## Your goal
Could you please retype all of the data below exactly?

Records for this task below:

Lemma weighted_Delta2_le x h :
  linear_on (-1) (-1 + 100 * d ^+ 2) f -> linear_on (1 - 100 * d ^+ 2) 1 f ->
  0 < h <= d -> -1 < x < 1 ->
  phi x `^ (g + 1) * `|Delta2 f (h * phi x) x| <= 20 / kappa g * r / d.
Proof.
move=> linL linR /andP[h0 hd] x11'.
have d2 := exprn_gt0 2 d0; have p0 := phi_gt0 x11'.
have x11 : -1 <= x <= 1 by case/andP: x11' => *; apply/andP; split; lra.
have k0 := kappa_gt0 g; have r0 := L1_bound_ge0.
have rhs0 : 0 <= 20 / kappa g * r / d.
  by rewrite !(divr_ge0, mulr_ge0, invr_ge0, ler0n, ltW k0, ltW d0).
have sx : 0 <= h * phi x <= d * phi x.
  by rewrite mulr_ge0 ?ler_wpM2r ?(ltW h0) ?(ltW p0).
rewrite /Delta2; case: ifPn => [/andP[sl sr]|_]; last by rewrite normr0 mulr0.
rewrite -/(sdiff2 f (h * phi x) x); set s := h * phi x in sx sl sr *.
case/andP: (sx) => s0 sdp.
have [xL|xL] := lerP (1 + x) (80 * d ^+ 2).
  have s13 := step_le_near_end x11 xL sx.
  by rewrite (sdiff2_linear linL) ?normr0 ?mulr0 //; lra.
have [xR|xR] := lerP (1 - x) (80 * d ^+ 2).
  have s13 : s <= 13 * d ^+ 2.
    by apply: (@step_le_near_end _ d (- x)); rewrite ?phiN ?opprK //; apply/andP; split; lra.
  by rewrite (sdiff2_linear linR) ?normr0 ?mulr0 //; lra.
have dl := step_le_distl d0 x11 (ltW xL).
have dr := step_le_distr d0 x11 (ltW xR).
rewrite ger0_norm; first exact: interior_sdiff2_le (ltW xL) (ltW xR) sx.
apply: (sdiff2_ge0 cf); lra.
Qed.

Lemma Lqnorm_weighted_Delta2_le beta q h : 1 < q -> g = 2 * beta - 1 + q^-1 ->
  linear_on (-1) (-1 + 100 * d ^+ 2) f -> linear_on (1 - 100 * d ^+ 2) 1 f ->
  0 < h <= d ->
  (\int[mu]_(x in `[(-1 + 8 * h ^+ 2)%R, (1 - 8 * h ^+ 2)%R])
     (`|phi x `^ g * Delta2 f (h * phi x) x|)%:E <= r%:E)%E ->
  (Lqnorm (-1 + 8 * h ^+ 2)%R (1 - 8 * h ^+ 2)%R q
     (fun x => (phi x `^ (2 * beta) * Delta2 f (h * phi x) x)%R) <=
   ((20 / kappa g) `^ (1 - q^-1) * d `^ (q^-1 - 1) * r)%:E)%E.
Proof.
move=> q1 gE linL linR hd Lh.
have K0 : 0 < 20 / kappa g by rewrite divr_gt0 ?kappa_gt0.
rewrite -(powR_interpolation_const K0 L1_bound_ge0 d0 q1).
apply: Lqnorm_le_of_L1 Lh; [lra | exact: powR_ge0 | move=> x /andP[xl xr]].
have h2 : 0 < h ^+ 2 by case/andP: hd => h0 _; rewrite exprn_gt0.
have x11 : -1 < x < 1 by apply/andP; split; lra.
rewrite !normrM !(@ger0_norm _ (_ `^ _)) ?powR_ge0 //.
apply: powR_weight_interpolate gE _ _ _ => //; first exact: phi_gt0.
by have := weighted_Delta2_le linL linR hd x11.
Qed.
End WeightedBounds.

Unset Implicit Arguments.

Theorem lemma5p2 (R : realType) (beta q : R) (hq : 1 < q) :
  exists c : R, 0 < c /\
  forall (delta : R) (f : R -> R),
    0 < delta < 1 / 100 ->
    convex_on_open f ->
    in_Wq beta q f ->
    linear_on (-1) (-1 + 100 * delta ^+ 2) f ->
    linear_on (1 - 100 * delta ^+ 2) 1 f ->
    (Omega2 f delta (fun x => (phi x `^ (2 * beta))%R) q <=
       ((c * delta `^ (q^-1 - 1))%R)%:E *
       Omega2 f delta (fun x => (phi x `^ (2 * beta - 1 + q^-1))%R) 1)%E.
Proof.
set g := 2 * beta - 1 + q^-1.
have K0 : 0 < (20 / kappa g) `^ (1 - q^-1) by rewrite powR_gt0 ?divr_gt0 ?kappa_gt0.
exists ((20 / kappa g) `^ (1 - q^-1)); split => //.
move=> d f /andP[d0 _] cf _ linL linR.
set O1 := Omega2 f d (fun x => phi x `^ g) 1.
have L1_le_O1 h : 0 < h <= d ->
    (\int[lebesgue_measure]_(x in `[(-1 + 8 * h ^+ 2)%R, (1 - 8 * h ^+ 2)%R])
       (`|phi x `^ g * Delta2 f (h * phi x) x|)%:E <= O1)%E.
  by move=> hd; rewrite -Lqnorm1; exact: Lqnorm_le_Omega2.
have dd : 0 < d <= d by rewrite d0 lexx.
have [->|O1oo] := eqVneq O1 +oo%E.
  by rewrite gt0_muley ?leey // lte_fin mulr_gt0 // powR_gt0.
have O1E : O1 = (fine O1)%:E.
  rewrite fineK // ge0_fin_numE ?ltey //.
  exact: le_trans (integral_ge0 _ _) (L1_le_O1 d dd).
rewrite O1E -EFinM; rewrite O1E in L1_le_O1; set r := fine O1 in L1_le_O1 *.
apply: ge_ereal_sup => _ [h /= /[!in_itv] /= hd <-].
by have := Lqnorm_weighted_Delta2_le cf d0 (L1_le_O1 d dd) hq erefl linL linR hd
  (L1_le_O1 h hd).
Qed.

End of Records for this task.

## Solution below
Lemma weighted_Delta2_le x h :
  linear_on (-1) (-1 + 100 * d ^+ 2) f -> linear_on (1 - 100 * d ^+ 2) 1 f ->
  0 < h <= d -> -1 < x < 1 ->
  phi x `^ (g + 1) * `|Delta2 f (h * phi x) x| <= 20 / kappa g * r / d.
Proof.
move=> linL linR /andP[h0 hd] x11'.
have d2 := exprn_gt0 2 d0; have p0 := phi_gt0 x11'.
have x11 : -1 <= x <= 1 by case/andP: x11' => *; apply/andP; split; lra.
have k0 := kappa_gt0 g; have r0 := L1_bound_ge0.
have rhs0 : 0 <= 20 / kappa g * r / d.
  by rewrite !(divr_ge0, mulr_ge0, invr_ge0, ler0n, ltW k0, ltW d0).
have sx : 0 <= h * phi x <= d * phi x.
  by rewrite mulr_ge0 ?ler_wpM2r ?(ltW h0) ?(ltW p0).
rewrite /Delta2; case: ifPn => [/andP[sl sr]|_]; last by rewrite normr0 mulr0.
rewrite -/(sdiff2 f (h * phi x) x); set s := h * phi x in sx sl sr *.
case/andP: (sx) => s0 sdp.
have [xL|xL] := lerP (1 + x) (80 * d ^+ 2).
  have s13 := step_le_near_end x11 xL sx.
  by rewrite (sdiff2_linear linL) ?normr0 ?mulr0 //; lra.
have [xR|xR] := lerP (1 - x) (80 * d ^+ 2).
  have s13 : s <= 13 * d ^+ 2.
    by apply: (@step_le_near_end _ d (- x)); rewrite ?phiN ?opprK //; apply/andP; split; lra.
  by rewrite (sdiff2_linear linR) ?normr0 ?mulr0 //; lra.
have dl := step_le_distl d0 x11 (ltW xL).
have dr := step_le_distr d0 x11 (ltW xR).
rewrite ger0_norm; first exact: interior_sdiff2_le (ltW xL) (ltW xR) sx.
apply: (sdiff2_ge0 cf); lra.
Qed.

Lemma Lqnorm_weighted_Delta2_le beta q h : 1 < q -> g = 2 * beta - 1 + q^-1 ->
  linear_on (-1) (-1 + 100 * d ^+ 2) f -> linear_on (1 - 100 * d ^+ 2) 1 f ->
  0 < h <= d ->
  (\int[mu]_(x in `[(-1 + 8 * h ^+ 2)%R, (1 - 8 * h ^+ 2)%R])
     (`|phi x `^ g * Delta2 f (h * phi x) x|)%:E <= r%:E)%E ->
  (Lqnorm (-1 + 8 * h ^+ 2)%R (1 - 8 * h ^+ 2)%R q
     (fun x => (phi x `^ (2 * beta) * Delta2 f (h * phi x) x)%R) <=
   ((20 / kappa g) `^ (1 - q^-1) * d `^ (q^-1 - 1) * r)%:E)%E.
Proof.
move=> q1 gE linL linR hd Lh.
have K0 : 0 < 20 / kappa g by rewrite divr_gt0 ?kappa_gt0.
rewrite -(powR_interpolation_const K0 L1_bound_ge0 d0 q1).
apply: Lqnorm_le_of_L1 Lh; [lra | exact: powR_ge0 | move=> x /andP[xl xr]].
have h2 : 0 < h ^+ 2 by case/andP: hd => h0 _; rewrite exprn_gt0.
have x11 : -1 < x < 1 by apply/andP; split; lra.
rewrite !normrM !(@ger0_norm _ (_ `^ _)) ?powR_ge0 //.
apply: powR_weight_interpolate gE _ _ _ => //; first exact: phi_gt0.
by have := weighted_Delta2_le linL linR hd x11.
Qed.
End WeightedBounds.

Unset Implicit Arguments.

Theorem lemma5p2 (R : realType) (beta q : R) (hq : 1 < q) :
  exists c : R, 0 < c /\
  forall (delta : R) (f : R -> R),
    0 < delta < 1 / 100 ->
    convex_on_open f ->
    in_Wq beta q f ->
    linear_on (-1) (-1 + 100 * delta ^+ 2) f ->
    linear_on (1 - 100 * delta ^+ 2) 1 f ->
    (Omega2 f delta (fun x => (phi x `^ (2 * beta))%R) q <=
       ((c * delta `^ (q^-1 - 1))%R)%:E *
       Omega2 f delta (fun x => (phi x `^ (2 * beta - 1 + q^-1))%R) 1)%E.
Proof.
set g := 2 * beta - 1 + q^-1.
have K0 : 0 < (20 / kappa g) `^ (1 - q^-1) by rewrite powR_gt0 ?divr_gt0 ?kappa_gt0.
exists ((20 / kappa g) `^ (1 - q^-1)); split => //.
move=> d f /andP[d0 _] cf _ linL linR.
set O1 := Omega2 f d (fun x => phi x `^ g) 1.
have L1_le_O1 h : 0 < h <= d ->
    (\int[lebesgue_measure]_(x in `[(-1 + 8 * h ^+ 2)%R, (1 - 8 * h ^+ 2)%R])
       (`|phi x `^ g * Delta2 f (h * phi x) x|)%:E <= O1)%E.
  by move=> hd; rewrite -Lqnorm1; exact: Lqnorm_le_Omega2.
have dd : 0 < d <= d by rewrite d0 lexx.
have [->|O1oo] := eqVneq O1 +oo%E.
  by rewrite gt0_muley ?leey // lte_fin mulr_gt0 // powR_gt0.
have O1E : O1 = (fine O1)%:E.
  rewrite fineK // ge0_fin_numE ?ltey //.
  exact: le_trans (integral_ge0 _ _) (L1_le_O1 d dd).
rewrite O1E -EFinM; rewrite O1E in L1_le_O1; set r := fine O1 in L1_le_O1 *.
apply: ge_ereal_sup => _ [h /= /[!in_itv] /= hd <-].
by have := Lqnorm_weighted_Delta2_le cf d0 (L1_le_O1 d dd) hq erefl linL linR hd
  (L1_le_O1 h hd).
Qed.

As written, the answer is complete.